* **WHAT YOU WILL DO**
All of the lines below should be printed again exactly as they are.

Stored data entries

####################

Lemma geometric_growth_linear_lb (q : R) (D : nat -> R) n : 0 <= q -> 0 <= D 0%N ->
  (forall k, (k < n)%N -> (1 + q) * D k <= D k.+1) ->
  (1 + n%:R * q) * D 0%N <= D n.
Proof.
move=> q0 D00; elim: n => [|n IH] HD; first by rewrite mul0r addr0 mul1r.
have Dn := IH (fun k kn => HD k (leqW kn)).
apply: le_trans (HD n (ltnSn n)); rewrite -natr1.
have q1 : 0 <= 1 + q by lra.
have := ler_wpM2l q1 Dn.
have : 0 <= n%:R * q * q * D 0%N by rewrite !mulr_ge0.
nra.
Qed.

Lemma perturbed_growth_start_le (q c B : R) (W : nat -> R) n : 0 <= q -> 0 <= B ->
  (forall k, (k < n)%N -> (1 + q) * W k - q * c <= W k.+1) ->
  W n <= c + B -> W 0%N <= c + B / (1 + n%:R * q).
Proof.
move=> q0 B0 HW WnB.
have nq_gt0 : 0 < 1 + n%:R * q by rewrite ltr_pwDl // mulr_ge0.
have [W0c|cW0] := lerP (W 0%N) c.
  by have := divr_ge0 B0 (ltW nq_gt0); lra.
suff : (W 0%N - c) * (1 + n%:R * q) <= B by rewrite -ler_pdivlMr //; lra.
rewrite mulrC.
apply: le_trans (_ : W n - c <= B); last by lra.
apply: (@geometric_growth_linear_lb q (fun k => W k - c)) => [//||k kn]; first by lra.
by have := HW k kn; lra.
Qed.

Lemma perturbed_growth_start_norm_le (q c B : R) (W : nat -> R) n : 0 <= q -> 0 <= c ->
  (forall k, (k < n)%N -> `|W k.+1 - (1 + q) * W k| <= q * c) ->
  `|W n| <= B -> `|W 0%N| <= c + B / (1 + n%:R * q).
Proof.
move=> q0 c0 HW WnB; have B0 := le_trans (normr_ge0 _) WnB.
have qc0 : 0 <= q * c by rewrite mulr_ge0.
move: WnB; rewrite !ler_norml => /andP [WnBl WnBr]; apply/andP; split.
- rewrite lerNl.
  apply: (@perturbed_growth_start_le q c B (fun k => - W k)) => [//|//|k kn|]; last by lra.
  by have := HW k kn; rewrite ler_norml => /andP []; lra.
- apply: perturbed_growth_start_le => [//|//|k kn|]; last by lra.
  by have := HW k kn; rewrite ler_norml => /andP []; lra.
Qed.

####################

* **EXPECTED OUTPUT**
Lemma geometric_growth_linear_lb (q : R) (D : nat -> R) n : 0 <= q -> 0 <= D 0%N ->
  (forall k, (k < n)%N -> (1 + q) * D k <= D k.+1) ->
  (1 + n%:R * q) * D 0%N <= D n.
Proof.
move=> q0 D00; elim: n => [|n IH] HD; first by rewrite mul0r addr0 mul1r.
have Dn := IH (fun k kn => HD k (leqW kn)).
apply: le_trans (HD n (ltnSn n)); rewrite -natr1.
have q1 : 0 <= 1 + q by lra.
have := ler_wpM2l q1 Dn.
have : 0 <= n%:R * q * q * D 0%N by rewrite !mulr_ge0.
nra.
Qed.

Lemma perturbed_growth_start_le (q c B : R) (W : nat -> R) n : 0 <= q -> 0 <= B ->
  (forall k, (k < n)%N -> (1 + q) * W k - q * c <= W k.+1) ->
  W n <= c + B -> W 0%N <= c + B / (1 + n%:R * q).
Proof.
move=> q0 B0 HW WnB.
have nq_gt0 : 0 < 1 + n%:R * q by rewrite ltr_pwDl // mulr_ge0.
have [W0c|cW0] := lerP (W 0%N) c.
  by have := divr_ge0 B0 (ltW nq_gt0); lra.
suff : (W 0%N - c) * (1 + n%:R * q) <= B by rewrite -ler_pdivlMr //; lra.
rewrite mulrC.
apply: le_trans (_ : W n - c <= B); last by lra.
apply: (@geometric_growth_linear_lb q (fun k => W k - c)) => [//||k kn]; first by lra.
by have := HW k kn; lra.
Qed.

Lemma perturbed_growth_start_norm_le (q c B : R) (W : nat -> R) n : 0 <= q -> 0 <= c ->
  (forall k, (k < n)%N -> `|W k.+1 - (1 + q) * W k| <= q * c) ->
  `|W n| <= B -> `|W 0%N| <= c + B / (1 + n%:R * q).
Proof.
move=> q0 c0 HW WnB; have B0 := le_trans (normr_ge0 _) WnB.
have qc0 : 0 <= q * c by rewrite mulr_ge0.
move: WnB; rewrite !ler_norml => /andP [WnBl WnBr]; apply/andP; split.
- rewrite lerNl.
  apply: (@perturbed_growth_start_le q c B (fun k => - W k)) => [//|//|k kn|]; last by lra.
  by have := HW k kn; rewrite ler_norml => /andP []; lra.
- apply: perturbed_growth_start_le => [//|//|k kn|]; last by lra.
  by have := HW k kn; rewrite ler_norml => /andP []; lra.
Qed.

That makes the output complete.